One reason that the plasma and urine compartments were chosen for study is because they represent the circulating and shed HCMV populations, respectively. Plasma virus is likely limited to the individual (with the important exceptions of transfusion/transplantation-associated and congenital infections) whereas virus shed into urine is excreted and possibly infecting other hosts. The results in this work suggest that there are large differences between viral populations isolated from these two sources. The potential implications of these findings are numerous. For example, do studies of secreted virus, such as from the urine and/or saliva, provide useful information about circulating virus or infection-associated diseases? In addition, how do SNPs associated with shedding viral populations (e.g., urine populations) affect tropism for mucosal surfaces, the presumed route of most inter-host infections? The evidence for positive selection when crossing into the urine compartment suggests that the viral population has adapted for increased fitness, but most likely increased fitness in renal epithelial cells. Thus, it is not known how compartmentalization affects inter-host infectivity. Alternatively, because at least a portion of the differences between populations could be explained by the neutral demographic history, some of the SNPs would have arisen stochastically and may have little or no effect on viral fitness. Therefore, it will be interesting to determine the phenotypic differences between patient-derived HCMV populations from different compartments.
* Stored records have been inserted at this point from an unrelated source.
(* [phi] is subadditive and [phi (t a) = t phi a + a phi t], so mixing costs at most
   the binary entropy [phi t + phi (1 - t)] of the weights. *)
Lemma entropy_convex_comb_le :
  entropy r N <= t * entropy p N + (1 - t) * entropy q N + ln 2.
Proof.
destruct Hp as [Hp0 [_ Hpsum]]; destruct Hq as [Hq0 [_ Hqsum]].
apply Rle_trans with
  (rsum (fun k => t * phi (p k) + (1 - t) * phi (q k) + (phi t * p k + phi (1 - t) * q k)) N).
- apply rsum_le; intros k _; unfold r.
  pose proof (Hp0 k); pose proof (Hq0 k).
  pose proof (phi_mul t (p k) ltac:(lra) ltac:(lra)).
  pose proof (phi_mul (1 - t) (q k) ltac:(lra) ltac:(lra)).
  assert (phi (t * p k + (1 - t) * q k) <= phi (t * p k) + phi ((1 - t) * q k))
    by (apply phi_subadd; nra).
  lra.
- unfold entropy; rewrite !rsum_plus, !rsum_scal, Hpsum, Hqsum.
  pose proof (phi_binary_le_ln2 t Ht); lra.
Qed.

End ConvexCombination.

Lemma supdist_nonneg x y r : supdist_le x y r -> 0 <= r.
Proof.
intros H; set (s0 := exist (fun t => 0 <= t <= 1) 0 ltac:(lra)).
pose proof (H s0); pose proof (Rabs_pos (x s0 - y s0)); lra.
Qed.

Definition heavy (th : R) (p : nat -> R) (k : nat) : bool :=
  if Rle_dec th (p k) then true else false.

Lemma heavy_count_le th N M p : 0 < th -> prob M p ->
  rsum (fun k => if heavy th p k then 1 else 0) N <= / th.
Proof.
intros Hth Hp; apply Rle_trans with (rsum (fun k => / th * p k) N).
- apply rsum_le; intros k _; unfold heavy; destruct (Rle_dec th (p k)).
  + apply Rmult_le_reg_l with th; [lra|].
    rewrite <- Rmult_assoc, Rinv_r, Rmult_1_l by lra; lra.
  + pose proof (proj1 Hp k); pose proof (Rinv_0_lt_compat th Hth); nra.
- rewrite rsum_scal; pose proof (Rinv_0_lt_compat th Hth).
  destruct Hp as [Hp0 [Hsupp Hsum]].
  assert (rsum p N <= 1).
  { rewrite <- Hsum, <- (rsum_widen p M (N + M) Hsupp) by lia.
    apply rsum_mono; [exact Hp0|lia]. }
  nra.
Qed.

Lemma light_mass_le_entropy k M p : prob M p ->
  k * rsum (fun j => if heavy (exp (- k)) p j then 0 else p j) M <= entropy p M.
Proof.
intros Hp; rewrite <- rsum_scal; apply rsum_le; intros j _.
pose proof (proj1 Hp j); pose proof (prob_le1 M p j Hp).
unfold heavy; destruct (Rle_dec (exp (- k)) (p j)).
- rewrite Rmult_0_r; apply phi_nonneg; lra.
- apply mul_le_phi; lra.
Qed.

Section Construction.

Variable w : R.
Hypothesis w_pos : 0 < w.

Definition cost (x : I01 -> R) (v : R) : Prop :=
  exists N p r, prob N p /\ supdist_le x (mixture p N) r /\ v = w * entropy p N + r.

Definition F (x : I01 -> R) : R := capped_inf (cost x).

Lemma cost_nonneg x v : cost x v -> 0 <= v.
Proof.
intros [N [p [r [Hp [Hr ->]]]]].
pose proof (supdist_nonneg _ _ _ Hr); pose proof (entropy_nonneg N p Hp); nra.
Qed.

Lemma cost_wave i : cost (wave i) 0.
Proof.
exists (S i), (delta i), 0; split; [apply prob_delta|split].
- intros s; rewrite mixture_delta, Rminus_diag, Rabs_R0; lra.
- rewrite entropy_delta; ring.
Qed.

Lemma cost_capped x v : (forall s, Rabs (x s) <= 1) -> capped (cost x) v -> cost x v.
Proof.
intros Hx [->|[_ Hv]]; [|exact Hv].
exists 1%nat, (delta 0), 2; split; [apply prob_delta|split].
- intros s; rewrite mixture_delta; unfold Rminus.
  pose proof (Rabs_triang (x s) (- wave 0 s)); rewrite Rabs_Ropp in *.
  pose proof (Hx s); pose proof (proj2 (wave_in_ball 0) s); lra.
- rewrite entropy_delta; ring.
Qed.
Demographic histories of HCMV populations were generated from population data in this study. These demographic models may provide a partial explanation for the population differentiation observed across compartments. The B103 model suggests that the urine and plasma populations split 3 months prior to the initial collection. It was also observed that these populations are highly differentiated, as measured by F_ST (Figure 2, Table 3). From the B103 demographic model, at least a part of this differentiation may be explained by the strong bottleneck and large population expansion that occurs as the virus colonized the urine compartment. The bottleneck would reduce population size, leading to decreased diversity due to the stochastic elimination of ancestral SNPs (which likely explains the results shown in Figure 1). A decreased population size would also increase the speed and probability of fixation of neutral SNPs [13], [14]. Secondly, DNA replication associated with population expansion could introduce new mutations to the urine compartment population.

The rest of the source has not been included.